» Exercise objective
Restate, word for word, the lines from the opening line of the data through the line containing "have sn2_neq0 : rc", both included, and nothing else.

[Stored items]
Lemma covRl_span l w x0 x1 : sn != 0 ->
  Rl l *m w = x0 *: h0 + x1 *: h1 -> exists a b, w = a *: h0 + b *: h1.
Proof.
move=> sn_neq0; rewrite covRl_mul.
set a := _ * hdot h0 w + _; set b := c1 * _ + _ => Rw.
have sn2_neq0 : rc (sn ^+ 2) != 0 by rewrite fmorph_eq0 expf_neq0.
exists ((rc (sn ^+ 2))^-1 * (x0 - a)), ((rc (sn ^+ 2))^-1 * (x1 - b)).
apply: (scalerI sn2_neq0); rewrite scalerDr !scalerA !mulrA mulfV // !mul1r.
apply/matrixP => i j; move/matrixP/(_ i j): Rw; rewrite !mxE.
move: (rc _ * w i j) => t Rw.
by rewrite -[t](addKr (a * h0 i j + b * h1 i j)) Rw; ring.
Qed.

Lemma JMSE_distortionless w : hdot h0 w = 1 -> JMSE h0 h1 s0 s1 sn c1 w =
  complex.Re (rc (s1 ^+ 2) * (hdot w h1 * Num.conj (hdot w h1)) + rc (sn ^+ 2) * hdot w w).
Proof.
move=> h0w; rewrite /JMSE -mulmxA -covRl0.
rewrite -[(hermT w *m _) 0 0]/(hdot _ _) -[(hermT w *m xcorr _ _ _ _) 0 0]/(hdot _ _).
rewrite -[(hermT (xcorr _ _ _ _) *m _) 0 0]/(hdot _ _) hdot_covRl /xcorr.
have wh0 : hdot w h0 = 1 by rewrite hdotC h0w conjC1.
rewrite hdotDr hdotDl !hdotZr !hdotZl (hdotC w h1) h0w wh0 conjC1 conj_rc addr0 conjCK.
have ReD x : complex.Re x + s0 ^+ 2 = complex.Re (x + rc (s0 ^+ 2)) by rewrite raddfD.
by rewrite ReD; congr complex.Re; ring.
Qed.

Hypotheses (s0_gt0 : 0 < s0) (sn_gt0 : 0 < sn) (ac_ge0 : 0 <= ac) (ac_le : ac <= s0 * s1)
  (c1_norm : c1 * Num.conj c1 = rc (ac ^+ 2)).

(* Completing the square, [s0^2 hdot v (R_l v)] is a sum of three nonnegative terms. *)
Lemma covRl_posdef l v : 0 <= l -> hdot v (Rl l *m v) = 0 -> v = 0.
Proof.
move=> l0 vRv0.
set a := hdot h0 v; set b := hdot h1 v; set X := rc (s0 ^+ 2) * a + Num.conj c1 * b.
have key : rc (s0 ^+ 2) * hdot v (Rl l *m v) =
    X * Num.conj X + rc (s0 ^+ 2 * (s1 ^+ 2 + l) - ac ^+ 2) * (b * Num.conj b)
    + rc (s0 ^+ 2 * sn ^+ 2) * hdot v v.
  rewrite hdot_covRl -/a -/b /X rmorphB /= -c1_norm !rmorphD !rmorphM /=.
  by rewrite !conj_rc conjCK; ring.
move: key; rewrite vRv0 mulr0 => /esym /eqP.
have X_ge0 : 0 <= X * Num.conj X by apply: mul_conjC_ge0.
have b_ge0 : 0 <= rc (s0 ^+ 2 * (s1 ^+ 2 + l) - ac ^+ 2) * (b * Num.conj b).
  apply: mulr_ge0; last exact: mul_conjC_ge0.
  rewrite /rc ler0c subr_ge0.
  have : ac ^+ 2 <= (s0 * s1) ^+ 2 by rewrite !expr2 ler_pM.
  have : 0 <= s0 ^+ 2 * l by rewrite mulr_ge0 ?sqr_ge0.
  rewrite mulrDr exprMn; lra.
have v_ge0 : 0 <= rc (s0 ^+ 2 * sn ^+ 2) * hdot v v.
  by rewrite mulr_ge0 ?hdotvv_ge0 // /rc ler0c mulr_ge0 ?sqr_ge0.
rewrite paddr_eq0 ?addr_ge0 // => /andP[_ /eqP].
move/eqP; rewrite mulf_eq0 fmorph_eq0 mulf_eq0 !expf_eq0 /=.
rewrite (gt_eqF s0_gt0) (gt_eqF sn_gt0) /=.
by move/eqP/hdotvv_eq0.
Qed.

Lemma covRl_unit l : 0 <= l -> Rl l \in unitmx.
Proof.
move=> l0; apply: trivial_ker_unitmx => v Rv0.
by apply: (covRl_posdef l0); rewrite Rv0 hdot0r.
Qed.

Section UnitNormChannels.
Variable c2 : R.
Let z := hdot h0 h1.
Hypotheses (h0_unit : hdot h0 h0 = 1) (h1_unit : hdot h1 h1 = 1)
  (z_norm : z * Num.conj z = rc (1 - c2)) (c2_gt0 : 0 < c2).

Let h1_h0 : hdot h1 h0 = Num.conj z. Proof. exact: hdotC. Qed.

Let c2_neq0 : rc c2 != 0. Proof. by rewrite fmorph_eq0 gt_eqF. Qed.

Let gram_det : 1 - z * Num.conj z = rc c2.
Proof. by rewrite z_norm rmorphB rmorph1 /= opprB addrC subrK. Qed.

Lemma hdot_h0_span a b : hdot h0 (a *: h0 + b *: h1) = a + z * b.
Proof. by rewrite hdotDr !hdotZr h0_unit mulr1 mulrC. Qed.

Lemma hdot_h1_span a b : hdot h1 (a *: h0 + b *: h1) = Num.conj z * a + b.
Proof. by rewrite hdotDr !hdotZr h1_unit h1_h0 mulr1 mulrC. Qed.

Lemma span_coord0 a b :
  a * rc c2 = hdot h0 (a *: h0 + b *: h1) - z * hdot h1 (a *: h0 + b *: h1).
Proof. by rewrite hdot_h0_span hdot_h1_span -gram_det; ring. Qed.

Lemma span_coord1 a b :
  b * rc c2 = hdot h1 (a *: h0 + b *: h1) - Num.conj z * hdot h0 (a *: h0 + b *: h1).
Proof. by rewrite hdot_h0_span hdot_h1_span -gram_det; ring. Qed.

Lemma span_eq0 a b : a *: h0 + b *: h1 = 0 -> a = 0 /\ b = 0.
Proof.
move=> ab0; have := span_coord0 a b; have := span_coord1 a b.
rewrite ab0 !hdot0r !mulr0 subr0 => /eqP + /eqP.
by rewrite !mulf_eq0 (negbTE c2_neq0) !orbF => /eqP-> /eqP->.
Qed.

Let g l := l * c2 + (s1 ^+ 2 * c2 + sn ^+ 2).
Let a l := rc (sn ^+ 2 + (s1 ^+ 2 + l)) + c1 * z.
Let b l := - (c1 + rc (s1 ^+ 2 + l) * Num.conj z).
(* [R_l u_l] has no [h1] component, so [u_l] is proportional to [R_l^-1 h0]. *)
Let u l := a l *: h0 + b l *: h1.

Lemma g_gt0 l : 0 <= l -> 0 < g l.
Proof.
move=> l0; have := mulr_ge0 l0 (ltW c2_gt0).
have := mulr_ge0 (sqr_ge0 s1) (ltW c2_gt0); have := exprn_gt0 2 sn_gt0.
rewrite /g; lra.
Qed.

Lemma hdot_h0_u l : hdot h0 (u l) = rc (g l).
Proof.
rewrite hdot_h0_span /a /b.
transitivity (rc (sn ^+ 2 + (s1 ^+ 2 + l)) - rc (s1 ^+ 2 + l) * (z * Num.conj z)).
  by ring.
by rewrite z_norm -rmorphM -rmorphB /g; congr rc; ring.
Qed.

Lemma hdot_h1_u l : hdot h1 (u l) = rc (sn ^+ 2) * Num.conj z - c1 * rc c2.
Proof.
rewrite hdot_h1_span /a /b -gram_det.
by rewrite !rmorphD; ring.
Qed.

Lemma covRl_u l : exists d, Rl l *m u l = d *: h0.
Proof.
have h1_coef :
    c1 * hdot h0 (u l) + rc (s1 ^+ 2 + l) * hdot h1 (u l) + rc (sn ^+ 2) * b l = 0.
  by rewrite hdot_h0_span hdot_h1_span /a /b !rmorphD; ring.
exists (rc (s0 ^+ 2) * hdot h0 (u l) + Num.conj c1 * hdot h1 (u l) + rc (sn ^+ 2) * a l).
rewrite covRl_mul; move: h1_coef; set p := hdot h0 _; set q := hdot h1 _ => h1_coef.
apply/matrixP => i j; rewrite /u !mxE.
by rewrite -[RHS]addr0 -(mulr0 (h1 i j)) -h1_coef; ring.
Qed.

Lemma wRZF_eq l : 0 <= l -> wRZF h0 h1 s0 s1 sn c1 l = rc ((g l)^-1) *: u l.
Proof.
move=> l0; have [d Rud] := covRl_u l.
rewrite /wRZF (normalized_invmx_mul (covRl_unit l0) Rud) hdot_h0_u ?fmorphV //.
by rewrite fmorph_eq0 gt_eqF ?g_gt0.
Qed.

Lemma gram_unit :
  hermT (row_mx h0 h1) *m invmx (covR h0 h1 s0 s1 sn c1) *m row_mx h0 h1 \in unitmx.
Proof.
set X := row_mx h0 h1; apply: trivial_ker_unitmx => x Gx0.
set y := invmx (covR h0 h1 s0 s1 sn c1) *m (X *m x).
have Ry : Rl 0 *m y = X *m x by rewrite covRl0 mulKVmx // -covRl0 covRl_unit.
have y0 : y = 0.
  apply: (covRl_posdef (lexx 0)); rewrite Ry /hdot mulmxA -[X]hermTK -hermTM.
  by rewrite /y !mulmxA Gx0 hermT0 mul0mx mxE.
have : X *m x = 0 by rewrite -Ry y0 mulmx0.
rewrite row_mx_mul => /span_eq0 [x0 x1].
rewrite -[x]vsubmxK; apply/eqP; rewrite col_mx_eq0.
by apply/andP; split; apply/eqP/matrixP => i j; rewrite !ord1 !mxE.
Qed.

Lemma JMSE_wZF : JMSE h0 h1 s0 s1 sn c1 (wZF h0 h1 s0 s1 sn c1) = sn ^+ 2 / c2.
Proof.
have R_unit : covR h0 h1 s0 s1 sn c1 \in unitmx by rewrite -covRl0 covRl_unit.
set w := wZF _ _ _ _ _ _.
have Xw : hermT (row_mx h0 h1) *m w = delta_mx 0 0.
  by rewrite /w /wZF !mulmxA mulmxV ?gram_unit // mul1mx.
rewrite hermT_row_mx mul_col_mx in Xw.
have h0w : hdot h0 w = 1 by move/colP/(_ (lshift 1 0)): Xw; rewrite col_mxEu [RHS]mxE.
have h1w : hdot h1 w = 0 by move/colP/(_ (rshift 1 0)): Xw; rewrite col_mxEd [RHS]mxE.
have [p [q wE]] : exists p q, w = p *: h0 + q *: h1.
  apply: (@covRl_span 0 _ _ _ (lt0r_neq0 sn_gt0)).
  by rewrite covRl0 /w /wZF !mulmxA mulmxV // mul1mx -mulmxA row_mx_mul.
have p_c2 : p * rc c2 = 1 by rewrite (span_coord0 p q) -wE h0w h1w mulr0 subr0.
have pE : p = rc c2^-1.
  by apply: (mulIf c2_neq0); rewrite p_c2 -rmorphM mulVf ?gt_eqF // rmorph1.
have ww : hdot w w = Num.conj p.
  by rewrite {1}wE hdotDl !hdotZl h0w h1w mulr1 mulr0 addr0.
rewrite JMSE_distortionless // ww (hdotC h1 w) h1w pE conj_rc conjC0 !mul0r mulr0 add0r.
by rewrite -rmorphM.
Qed.

Variable P : R.
Hypothesis c1z : c1 * z + Num.conj c1 * Num.conj z = rc (2 * P).

Lemma normsq_h1_u l : Num.conj (hdot h1 (u l)) * hdot h1 (u l) =
  rc ((sn ^+ 2) ^+ 2 * (1 - c2) - 2 * sn ^+ 2 * c2 * P + c2 ^+ 2 * ac ^+ 2).
Proof.
rewrite hdot_h1_u rmorphB !rmorphM /= !conj_rc conjCK.
transitivity (rc (sn ^+ 2) * rc (sn ^+ 2) * (z * Num.conj z)
  - rc (sn ^+ 2) * rc c2 * (c1 * z + Num.conj c1 * Num.conj z)
  + rc c2 * rc c2 * (c1 * Num.conj c1)); first by ring.
rewrite z_norm c1z c1_norm.
by rewrite !(rmorphD, rmorphB, rmorphM, rmorphXn, rmorph1, rmorph_nat) /=; ring.
Qed.

Lemma hdot_u_u l : hdot (u l) (u l) = rc ((sn ^+ 2 + (s1 ^+ 2 + l)) * g l
  + 2 * (s1 ^+ 2 + l) * c2 * P + c2 * ac ^+ 2 - (s1 ^+ 2 + l) * sn ^+ 2 * (1 - c2)).
Proof.
rewrite {1}/u hdotDl !hdotZl hdot_h0_u hdot_h1_u /a /b.
transitivity (rc ((sn ^+ 2 + (s1 ^+ 2 + l)) * g l)
  + rc ((s1 ^+ 2 + l) * c2) * (c1 * z + Num.conj c1 * Num.conj z)
  + rc c2 * (c1 * Num.conj c1) - rc ((s1 ^+ 2 + l) * sn ^+ 2) * (z * Num.conj z)).
  rewrite [Num.conj (rc _ + _)]rmorphD /= conj_rc [Num.conj (- _)]rmorphN /=.
  rewrite [Num.conj (_ + _)]rmorphD /= [Num.conj (rc _ * _)]rmorphM /= conj_rc conjCK.
  by rewrite /g !(rmorphD, rmorphM) /=; ring.
rewrite z_norm c1z c1_norm /g.
by rewrite !(rmorphD, rmorphB, rmorphM, rmorphXn, rmorph1, rmorph_nat) /=; ring.
Qed.

Lemma MSE_rational l : 0 <= l -> MSE h0 h1 s0 s1 sn c1 l =
  ((sn ^+ 2) ^+ 2 * (1 - c2) - 2 * sn ^+ 2 * c2 * P + c2 ^+ 2 * ac ^+ 2) / c2
    * (s1 ^+ 2 * c2 + sn ^+ 2) / (l * c2 + (s1 ^+ 2 * c2 + sn ^+ 2)) ^+ 2
  - 2 * (sn ^+ 2 * (sn ^+ 2 * (1 - c2) / c2 - P)) / (l * c2 + (s1 ^+ 2 * c2 + sn ^+ 2))
  + sn ^+ 2 / c2.
Proof.
move=> l0; have g_neq0 : l * c2 + (s1 ^+ 2 * c2 + sn ^+ 2) != 0 := lt0r_neq0 (g_gt0 l0).
rewrite /MSE wRZF_eq // JMSE_distortionless; last first.
  by rewrite hdotZr hdot_h0_u -rmorphM mulVf // rmorph1.
rewrite !hdotZl !hdotZr (conj_rc ((g l)^-1)) (hdotC h1 (u l)) [Num.conj (_ * _)]rmorphM /=.
rewrite (conj_rc ((g l)^-1)) conjCK hdot_u_u.
transitivity (complex.Re
  (rc (s1 ^+ 2 * (g l)^-1 * (g l)^-1) * (Num.conj (hdot h1 (u l)) * hdot h1 (u l))
   + rc (sn ^+ 2 * (g l)^-1 * (g l)^-1) * rc ((sn ^+ 2 + (s1 ^+ 2 + l)) * g l
     + 2 * (s1 ^+ 2 + l) * c2 * P + c2 * ac ^+ 2 - (s1 ^+ 2 + l) * sn ^+ 2 * (1 - c2)))).
  by congr complex.Re; rewrite !rmorphM /=; ring.
rewrite normsq_h1_u /= !mul0r !subr0 /g.
by field; rewrite g_neq0 gt_eqF.
Qed.
End UnitNormChannels.
End Covariance.

Section RationalProfile.
Variable R : realType.
Variables (m A B K c : R) (f : R -> R).
Hypotheses (A_gt0 : 0 < A) (c_gt0 : 0 < c).
Hypothesis fE : forall l, 0 <= l ->
  f l = m * A / (l * c + A) ^+ 2 - 2 * B / (l * c + A) + K.

Lemma profile_den_ge l : 0 <= l -> A <= l * c + A.
Proof. by move=> l0; rewrite lerDr mulr_ge0 // ltW. Qed.

Lemma profile_den_gt0 l : 0 <= l -> 0 < l * c + A.
Proof. by move=> l0; exact: lt_le_trans A_gt0 (profile_den_ge l0). Qed.

Lemma profile_den_ltV x y : 0 <= x -> x < y -> (y * c + A)^-1 < (x * c + A)^-1.
Proof.
move=> x0 xy; have y0 : 0 <= y by rewrite (le_trans x0) ?ltW.
by rewrite ltf_pV2 ?posrE ?profile_den_gt0 // ltrD2r ltr_pM2r.
Qed.

(* In the variable [u = 1 / (l c + A)] the profile is the parabola [m A u^2 - 2 B u + K]. *)
Lemma profile_sub x y : 0 <= x -> 0 <= y ->
  f x - f y = ((x * c + A)^-1 - (y * c + A)^-1)
              * (m * A * ((x * c + A)^-1 + (y * c + A)^-1) - 2 * B).
Proof.
move=> x0 y0; rewrite !fE //.
by field; rewrite !gt_eqF ?profile_den_gt0.
Qed.

Lemma profile_cvg : f l @[l --> +oo] --> K.
Proof.
have u0 : (l * c + A)^-1 @[l --> +oo] --> 0.
  apply/gtr0_cvgV0.
    near=> l; apply: profile_den_gt0.
    by near: l; apply: nbhs_pinfty_ge; rewrite num_real.
  apply/cvgryPger => M _; near=> l.
  have : M / c <= l by near: l; apply: nbhs_pinfty_ge; rewrite num_real.
  by rewrite ler_pdivrMr // => Ml; have := ltW A_gt0; lra.
have poly_cvg : m * A * ((l * c + A)^-1 * (l * c + A)^-1) - 2 * B * (l * c + A)^-1 + K
    @[l --> +oo] --> m * A * (0 * 0) - 2 * B * 0 + K.
  exact: cvgD (cvgB (cvgM (cvg_cst _) (cvgM u0 u0)) (cvgM (cvg_cst _) u0)) (cvg_cst _).
rewrite !(mulr0, oppr0, add0r) in poly_cvg.
suff near_f : \forall l \near +oo,
    m * A * ((l * c + A)^-1 * (l * c + A)^-1) - 2 * B * (l * c + A)^-1 + K = f l.
  exact: cvg_trans (near_eq_cvg near_f) poly_cvg.
near=> l; have l0 : 0 <= l by near: l; apply: nbhs_pinfty_ge; rewrite num_real.
by rewrite fE // -exprVn expr2.
Unshelve. all: end_near. Qed.

Hypothesis m_gt0 : 0 < m.

Lemma profile_decreasing : B / m <= 0 -> forall x y, 0 <= x -> x < y -> f y < f x.
Proof.
rewrite pmulr_lle0 ?invr_gt0 // => B0 x y x0 xy.
have y0 : 0 <= y by rewrite (le_trans x0) ?ltW.
rewrite -subr_gt0 profile_sub // mulr_gt0 ?subr_gt0 ?profile_den_ltV //.
have : 0 < m * A * ((x * c + A)^-1 + (y * c + A)^-1).
  by rewrite !mulr_gt0 ?addr_gt0 ?invr_gt0 ?profile_den_gt0.
lra.
Qed.

Lemma profile_increasing : 1 <= B / m -> forall x y, 0 <= x -> x < y -> f x < f y.
Proof.
rewrite ler_pdivlMr // mul1r => mB x y x0 xy.
have y0 : 0 <= y by rewrite (le_trans x0) ?ltW.
rewrite -subr_lt0 profile_sub // pmulr_rlt0 ?subr_gt0 ?profile_den_ltV //.
have Vle l : 0 <= l -> A * (l * c + A)^-1 <= 1.
  by move=> l0; rewrite mulrC ler_pdivrMl ?profile_den_gt0 // mulr1 profile_den_ge.
have yx : A * (y * c + A)^-1 < A * (x * c + A)^-1.
  by rewrite ltr_pM2l // profile_den_ltV.
have : m * (A * (x * c + A)^-1 + A * (y * c + A)^-1) < m * 2.
  by rewrite ltr_pM2l //; have := Vle _ x0; lra.
rewrite mulrDr !mulrA; lra.
Qed.

Lemma profile_min_at0 : 1 <= B / m -> forall l, 0 <= l -> f 0 <= f l.
Proof.
move=> gam_ge1 l; rewrite le_eqVlt => /predU1P[<-|l_gt0]; first exact: lexx.
exact/ltW/profile_increasing.
Qed.
Lemma local_minimizer_comb_subdiff2_ge0 (R : realType) (n : nat) (phi : 'rV[R]_n -> \bar R)
    (xbar w z : 'rV[R]_n) :
  (forall x, phi x != -oo%E) -> phi xbar \is a fin_num -> local_minimizer phi xbar ->
  (exists2 d, 0 < d & forall x, enorm (x - xbar) < d -> lsc_at phi x) ->
  comb_subdiff2 phi xbar 0 w z -> 0 <= dotv z w.
Proof.
move=> phi_neqNy xbar_fin [dm [dm_gt0 xbar_min]] [dl dl_gt0 phi_lsc] z_in.
rewrite leNgt; apply/negP => zw_lt0; have zz_ge0 := dotvv_ge0 z.
set lam := - dotv z w / (2 * (dotv z z + 1)).
have lam_gt0 : 0 < lam by rewrite divr_gt0 //; lra.
have min_gt0 : 0 < Num.min dm dl by rewrite lt_min dm_gt0.
have min_le_dm : Num.min dm dl <= dm by rewrite ge_min lexx.
have min_le_dl : Num.min dm dl <= dl by rewrite ge_min lexx orbT.
have := graph_normal_dotv_ge0 phi_neqNy xbar_fin min_gt0
  (fun x x_near => xbar_min x (lt_le_trans x_near min_le_dm))
  (fun x x_near => phi_lsc x (lt_le_trans x_near min_le_dl)) lam_gt0
  (comb_subdiff2_normal_ineq z_in).
have : lam * (dotv z z + 1) = - dotv z w / 2 by rewrite /lam; field; lra.
rewrite dotvDr dotvZr; nra.
Qed.

Theorem theorem4p3 (R : realType) (n : nat) (phi : 'rV[R]_n -> \bar R)
  (xbar : 'rV[R]_n) :
  (forall x, phi x != -oo%E) ->
  phi xbar \is a fin_num ->
  local_minimizer phi xbar ->
  lim_subdiff phi xbar 0 /\
  (prox_regular phi xbar 0 ->
   forall w z : 'rV[R]_n, comb_subdiff2 phi xbar 0 w z -> 0 <= dotv z w).
Proof.
move=> phi_neqNy xbar_fin xbar_min; split.
  exact/reg_subdiff_lim_subdiff/local_minimizer_reg_subdiff0.
move=> [_ [[d [d_gt0 phi_lsc]] _]] w z.
by apply: local_minimizer_comb_subdiff2_ge0 => //; exists d.
Qed.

» Expected answer
Lemma covRl_span l w x0 x1 : sn != 0 ->
  Rl l *m w = x0 *: h0 + x1 *: h1 -> exists a b, w = a *: h0 + b *: h1.
Proof.
move=> sn_neq0; rewrite covRl_mul.
set a := _ * hdot h0 w + _; set b := c1 * _ + _ => Rw.
have sn2_neq0 : rc (sn ^+ 2) != 0 by rewrite fmorph_eq0 expf_neq0.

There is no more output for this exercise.